Assignment
Exactly copy the final stretch of the listing below: the line with "(forall n, a" and every line after it.

Exercise inputs
%%

Lemma a2exp_term_add_real t w k :
  a2exp_term (a2add (a2real t) w) k
  = a2sum (fun j => a2scale (exp_term t j) (a2exp_term w (k - j))) k.
Proof.
  induction k as [|k IH].
  - apply A2_ext; unfold exp_term, a2exp_term; simpl; a2_unfold; field.
  - apply (a2scale_inj (INR (S k))); [apply not_0_INR; lia|].
    rewrite <- a2exp_term_S, IH, a2mul_sum_l.
    apply A2_ext_linear; intros g Hg.
    pose proof Hg as [g_add g_scale].
    rewrite g_scale, !linear_a2sum by exact Hg.
    rewrite (sum_eq (fun j => g (a2scale (exp_term t j) (a2exp_term w (S k - j))))
                   (fun j => exp_term t j * g (a2exp_term w (S k - j))))
      by (intros; apply g_scale).
    rewrite <- (sum_convolution_step _ (fun m => g (a2exp_term w m)) t) by apply exp_term_S.
    apply sum_eq; intros j _.
    rewrite a2mul_scale_l, a2mul_real_add_r, a2exp_term_S, g_scale, g_add, !g_scale.
    reflexivity.
Qed.

(* [is_series_ext] with its side goals stated as equations in [R] rather than
   in a normed module, so that [ring] and [field] apply to them. *)
Lemma is_series_ext_R (a b : nat -> R) l :
  (forall n, a n = b n) -> is_series a l -> is_series b l.
Proof. apply is_series_ext. Qed.

Lemma is_series_exp_term t : is_series (exp_term t) (exp t).
Proof.
  eapply is_series_ext_R; [|exact (proj1 (is_pseries_R _ _ _) (is_exp_Reals t))].
  intros n; unfold exp_term; field; apply INR_fact_neq_0.
Qed.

%%

Answer space
  (forall n, a n = b n) -> is_series a l -> is_series b l.
Proof. apply is_series_ext. Qed.

Lemma is_series_exp_term t : is_series (exp_term t) (exp t).
Proof.
  eapply is_series_ext_R; [|exact (proj1 (is_pseries_R _ _ _) (is_exp_Reals t))].
  intros n; unfold exp_term; field; apply INR_fact_neq_0.
Qed.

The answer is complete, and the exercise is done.